◆ Exercise brief
Repeat exactly the lines of the entries below from the one with "have w'J : w' \notin J." through the one with "have ltJ''n : #|J''| < n.", both ends included, and nothing else.

◆ Supplied entries
Lemma separating_points (J : {set V}) w : complement_closed J -> w \in J ->
  exists x y, [/\ x \in s w, y \notin s w &
    {in J, forall v, s v != s w -> s v != ~: s w -> (x \in s v) = (y \in s v)}].
Proof.
move=> closedJ wJ.
(* Take a separated pair with the fewest separating members; another separator l0
   is removed by trading x or y for the majority point of x, y and a point
   distinguishing w from l0. *)
pose gap (p : K * K) := [set v in J | (p.1 \in s v) != (p.2 \in s v)].
pose sep (p : K * K) := (p.1 \in s w) && (p.2 \notin s w).
have [x0 x0w] := exists_mem w; have [y0 y0w] := exists_nmem w.
have /(_ (x0, y0)) [] := @arg_minnP _ _ sep (fun p => #|gap p|); first exact/andP.
case=> x y /andP[/= xw yw] gap_min.
exists x, y; split=> // l lJ lw lw'; apply/eqP/negPn/negP => xyl.
have [l0 l0J [sl0 xl0 yl0]] := orient_separator closedJ lJ xyl.
have l0w : s w != s l0.
  rewrite eq_sym; case: sl0 => ->; first exact: lw.
  by apply: contra lw' => /eqP <-; rewrite setCK.
have [z zwl0] := exists_sep l0w.
have [t tmaj] := majority_point x y z closedJ.
have t_agree v : v \in J -> (x \in s v) = (y \in s v) -> (t \in s v) = (x \in s v).
  by move=> vJ xy; rewrite tmaj // -xy /majority; case: (x \in s v); case: (z \in s v).
have gap_shrinks (q : K * K) : sep q -> {subset gap q <= gap (x, y)} -> l0 \notin gap q -> False.
  move=> sep_q sub_q l0q; have := gap_min q sep_q; rewrite leqNgt => /negP; apply.
  apply: proper_card; apply/properP; split; first exact/subsetP.
  by exists l0; rewrite // inE l0J /= xl0 yl0.
have tw := tmaj w wJ; have tl0 := tmaj l0 l0J.
rewrite /majority xw (negbTE yw) xl0 (negbTE yl0) /= !orbF in tw tl0.
have zl0 : (z \in s l0) = ~~ (z \in s w).
  by move: zwl0; case: (z \in s w); case: (z \in s l0).
case zw: (z \in s w); rewrite zw /= in tw zl0.
- apply: (gap_shrinks (t, y)); first by rewrite /sep /= tw yw.
    move=> v; rewrite !inE => /andP[vJ tyv]; rewrite vJ; apply: contra tyv => /eqP xy.
    by rewrite (t_agree v vJ xy) xy.
  by rewrite inE /= tl0 zl0 (negbTE yl0) andbF.
- apply: (gap_shrinks (x, t)); first by rewrite /sep /= tw xw.
    move=> v; rewrite !inE => /andP[vJ xtv]; rewrite vJ; apply: contra xtv => /eqP xy.
    by rewrite (t_agree v vJ xy).
  by rewrite inE /= tl0 zl0 xl0 andbF.
Qed.

Lemma trace_sub (J J' : {set V}) x : J' \subset J -> trace J' x = trace J x :&: J'.
Proof.
move=> sJ'J; apply/setP => v; rewrite !inE.
by case vJ': (v \in J'); rewrite ?andbF ?andbT ?(subsetP sJ'J _ vJ').
Qed.

Lemma ntraces_removeD2 (J : {set V}) w w' :
  complement_closed J -> w \in J -> s w' = ~: s w ->
  ntraces (J :\: [set w; w']) < ntraces J.
Proof.
move=> closedJ wJ sw'.
have [x [y [xw yw agree]]] := separating_points closedJ wJ.
rewrite /ntraces; set J' := J :\: [set w; w'].
have -> : [set trace J' z | z : K] = [set S :&: J' | S in [set trace J z | z : K]].
  by rewrite -imset_comp; apply: eq_imset => z; rewrite /= (trace_sub _ (subsetDl J _)).
rewrite ltn_neqAle leq_imset_card andbT; apply/negP => /imset_injP trJ'_inj.
have /setP/(_ w) : trace J x = trace J y.
  apply: trJ'_inj; rewrite ?imset_f //; apply/setP => v; rewrite !inE.
  case: (boolP (v == w)) => [/eqP->|vw]; rewrite ?andbF //.
  case: (boolP (v == w')) => [/eqP->|vw']; rewrite ?andbF //=.
  case: (boolP (v \in J)) => vJ; rewrite ?andbF //=.
  by rewrite agree // ?(inj_eq s_inj) // -sw' (inj_eq s_inj).
by rewrite !inE wJ xw (negbTE yw).
Qed.

Lemma complement_closed0 : complement_closed set0.
Proof. by move=> v; rewrite inE. Qed.

Lemma complement_closedU (J1 J2 : {set V}) :
  complement_closed J1 -> complement_closed J2 -> complement_closed (J1 :|: J2).
Proof.
move=> closedJ1 closedJ2 v; rewrite inE.
by case/orP=> [/closedJ1|/closedJ2] [v' v'J sv']; exists v'; rewrite // inE v'J ?orbT.
Qed.

Lemma complement_closed_pair w w' : s w' = ~: s w -> complement_closed [set w; w'].
Proof.
move=> sw' v; rewrite !inE => /orP[] /eqP->;
  by [exists w'; rewrite // !inE eqxx orbT | exists w; rewrite ?inE ?eqxx // sw' setCK].
Qed.

Lemma complement_closedD2 (J : {set V}) w w' : complement_closed J -> s w' = ~: s w ->
  complement_closed (J :\: [set w; w']).
Proof.
move=> closedJ sw' v; rewrite !inE negb_or => /andP[/andP[vw vw'] vJ].
have [v' v'J sv'] := closedJ v vJ; exists v' => //.
rewrite !inE v'J andbT negb_or; apply/andP; split.
  by apply: contra vw' => /eqP v'w; apply/eqP/s_inj; rewrite sw' -v'w sv' setCK.
by apply: contra vw => /eqP v'w'; apply/eqP/s_inj/setC_inj; rewrite -sv' -sw' v'w'.
Qed.

Lemma card_pair_through x w w' : s w' = ~: s w -> #|[set w; w'] :&: through x| <= 1.
Proof.
move=> sw'; rewrite -(cards1 (if x \in s w then w else w')); apply: subset_leq_card.
apply/subsetP => v; rewrite !inE => /andP[/orP[] /eqP-> xv]; first by rewrite xv.
by move: xv; rewrite sw' inE => /negbTE ->.
Qed.

Lemma leq_ntraces_add x (J J' : {set V}) :
  complement_closed J -> complement_closed J' -> J \subset J' ->
  ntraces J + #|(J' :\: J) :&: through x| <= ntraces J'.
Proof.
move=> closedJ; have [n] := ubnP #|J'|.
elim: n J' => // n IH J' /ltnSE-leJ'n closedJ' sJJ'.
have [J'J | [w]] := set_0Vmem (J' :\: J).
  have -> : J' = J by apply/eqP; rewrite eqEsubset sJJ' andbT -setD_eq0 J'J.
  by rewrite setDv set0I cards0 addn0.
rewrite inE => /andP[wJ wJ'].
have [w' w'J' sw'] := closedJ' w wJ'.
have w'J : w' \notin J.
  apply: contra wJ => /closedJ [v vJ]; rewrite sw' setCK => /s_inj sv.
  by rewrite -sv.
set J'' := J' :\: [set w; w'].
have sJJ'' : J \subset J''.
  apply/subsetP => v vJ; rewrite !inE (subsetP sJJ' _ vJ) andbT.
  by apply/norP; split; apply: contraTneq vJ => ->.
have ltJ''n : #|J''| < n.
  apply: leq_trans leJ'n; apply: proper_card; apply/properP; split; first exact: subsetDl.
  by exists w; rewrite // !inE eqxx.
have := IH J'' ltJ''n (complement_closedD2 closedJ' sw') sJJ''.
have := ntraces_removeD2 closedJ' wJ' sw'.
have := card_pair_through x sw'.
have : #|(J' :\: J) :&: through x| <=
       #|(J'' :\: J) :&: through x| + #|[set w; w'] :&: through x|.
  apply: leq_trans (leq_card_setU _ _); apply: subset_leq_card.
  apply/subsetP => v; rewrite !inE.
  by case: (v == w); case: (v == w'); case: (v \in J); case: (v \in J'); case: (x \in s v).
rewrite -/J''; lia.
Qed.

Lemma mem_paired v u : s u = ~: s v -> v \in paired.
Proof. by move=> su; rewrite inE; apply/existsP; exists u; rewrite su. Qed.

Lemma complement_closed_paired : complement_closed paired.
Proof.
move=> v; rewrite inE => /existsP [u /eqP su]; exists u => //.
by apply: (mem_paired (u := v)); rewrite su setCK.
Qed.

Lemma card_points_gt0 : 0 < #|K|.
Proof.
have [|x _] := s_helly (P := set0); first by move=> u; rewrite inE.
by apply/card_gt0P; exists x.
Qed.

Lemma ntraces_gt0 J : 0 < ntraces J.
Proof.
have /card_gt0P [x _] := card_points_gt0.
by apply/card_gt0P; exists (trace J x); apply: imset_f.
Qed.

Lemma ntraces_le J : ntraces J <= #|K|.
Proof. exact: leq_imset_card. Qed.

Lemma ntraces_paired x : #|paired :&: through x| < ntraces paired.
Proof.
have := leq_ntraces_add x complement_closed0 complement_closed_paired (sub0set _).
by rewrite setD0; have := ntraces_gt0 set0; lia.
Qed.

◆ Answer section
have w'J : w' \notin J.
  apply: contra wJ => /closedJ [v vJ]; rewrite sw' setCK => /s_inj sv.
  by rewrite -sv.
set J'' := J' :\: [set w; w'].
have sJJ'' : J \subset J''.
  apply/subsetP => v vJ; rewrite !inE (subsetP sJJ' _ vJ) andbT.
  by apply/norP; split; apply: contraTneq vJ => ->.
have ltJ''n : #|J''| < n.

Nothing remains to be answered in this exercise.